These are the key concepts you need to understand to accurately answer the question.

Linear Velocity
Linear velocity refers to how fast a point is moving along a straight path. Imagine a point on the edge of a CD; as the CD spins, this point traces a circular path. The linear velocity is the speed of this point along the circular path. This can be calculated using the formula:
  • \[ v = r \times \text{Angular Velocity} \]
Where \( r \) is the radius of the circle and the Angular Velocity is given in radians per second.
For example, if the diameter of a CD is 12 cm, the radius \( r \) is half of that, which is 6 cm. To find the linear velocity when the angular velocity is known, simply plug in the values to the formula.
This calculation helps us understand how fast a point on the edge of a spinning object is moving in terms of distance per unit of time.
In our case, the linear velocity of a point on the CD's edge turned out to be approximately 141.36 cm/second.
This means that if the point were to move along a straight path at this speed, it would cover 141.36 centimeters in one second.
Radians Per Second
Radians per second is a measure of angular velocity, which tells us how quickly something is rotating. A radian is a unit that measures angles based on the radius of a circle. When we say something is moving at a certain number of radians per second, we are indicating how many radian-lengths the object covers in one second.
To find the angular velocity in radians per second from revolutions per minute, follow these steps:
  • Convert revolutions per minute to revolutions per second by dividing by 60.
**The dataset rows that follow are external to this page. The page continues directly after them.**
(* For every $\gamma\in[0,1]$, the Equal Filling Till Threshold (EFTT) algorithm with threshold $\gamma$ (described in the context) is $\left(1 - \frac{e^{\gamma-1}}{\gamma+1}\right)$-USW, i.e., on every instance the fractional matching $X$ it outputs satisfies $\mathrm{usw}(X)\ge \left(1 - \frac{e^{\gamma-1}}{\gamma+1}\right)\mathrm{usw}(X^* )$ for every fractional matching $X^*$ of the instance.
   Context: Online class matching (divisible setting): an instance is a bipartite graph $G=(N,M,E)$ with known agents $N$, items $M$, $E\subseteq M\times N$ ($a$ likes $o$ iff $(o,a)\in E$); agents are partitioned into $k$ known classes $N_1,\dots,N_k$. Items arrive one at a time in adversarial order; upon arrival of $o$ its set of liking agents is revealed and fractions of $o$ must be irrevocably assigned to agents liking it. A fractional matching is $X=(x_{o,a})\in[0,1]^{M\times N}$ supported on $E$ with $\sum_a x_{o,a}\le1$ for each item and $\sum_o x_{o,a}\le 1$ for each agent; $\deg_X(v)$ denotes the sum of $x$ over edges incident to $v$; an agent is saturated if its degree is $1$. $V_i(X)=\sum_{a\in N_i}\sum_o x_{o,a}$ and $\mathrm{usw}(X)=\sum_i V_i(X)$. EFTT with threshold $\gamma$: the matching is increased continuously (water-filling). Upon arrival of item $o$: Phase I: let $Z_\gamma$ be the set of classes containing at least one agent that likes $o$ and has current degree less than $\gamma$. While $Z_\gamma\neq\emptyset$ and $o$ is not fully assigned, continuously assign mass of $o$, splitting it equally among the classes in $Z_\gamma$; within each class $i\in Z_\gamma$, the mass goes to the agent(s) of class $i$ liking $o$ with minimum current degree; a class is removed from $Z_\gamma$ once it no longer has an agent liking $o$ with degree less than $\gamma$. Phase II: once $Z_\gamma=\emptyset$, continuously assign the remaining mass of $o$ to the unsaturated agent(s) liking $o$ with smallest current degree, regardless of class, until $o$ is fully assigned or all agents liking $o$ are saturated. *)

From mathcomp Require Import all_boot all_order all_algebra.
From mathcomp Require Import reals sequences exp.
Set Implicit Arguments. Unset Strict Implicit. Unset Printing Implicit Defensive.
Import Order.TTheory GRing.Theory Num.Theory.
Local Open Scope ring_scope.

(* Instance: items 'I_m arrive in index order 0,1,...,m-1 (an arbitrary
   adversarial order is captured by the arbitrary labelling of items);
   agents form a finite type N; cls a : 'I_k is the class of agent a;
   E o a  <=>  agent a likes item o. *)

Section Defs.
Variables (R : realType) (m k : nat) (N : finType).
Variables (cls : N -> 'I_k) (E : 'I_m -> N -> bool).

Definition frac_matching (X : 'I_m -> N -> R) : Prop :=
  [/\ forall o a, 0 <= X o a <= 1,
      forall o a, ~~ E o a -> X o a = 0,
      forall o, \sum_(a : N) X o a <= 1
    & forall a, \sum_(o : 'I_m) X o a <= 1].

Definition usw (X : 'I_m -> N -> R) : R :=
  \sum_(i < k) \sum_(a : N | cls a == i) \sum_(o : 'I_m) X o a.

Definition deg_before (X : 'I_m -> N -> R) (o : 'I_m) (a : N) : R :=
  \sum_(o' : 'I_m | (o' < o)%N) X o' a.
  • Multiply this by \( 2\pi \) (since there are \( 2\pi \) radians in one full revolution).
In the case of the CD which spins at 225 revolutions per minute, converting this gives us 3.75 revolutions per second. When translated to radians per second, using the formula\[ \text{Angular Velocity} = 2 \times \pi \times 3.75 \],
this gives us approximately 23.56 radians/second. This indicates how swiftly the CD is spinning.
Revolutions Per Minute
Revolutions per minute (RPM) is a way to express the number of turns a rotating object makes around an axis in one minute. It’s a common unit used to represent the speed of rotation.
In practice, you might see RPMs when dealing with CDs, fans, engines, and other mechanical devices.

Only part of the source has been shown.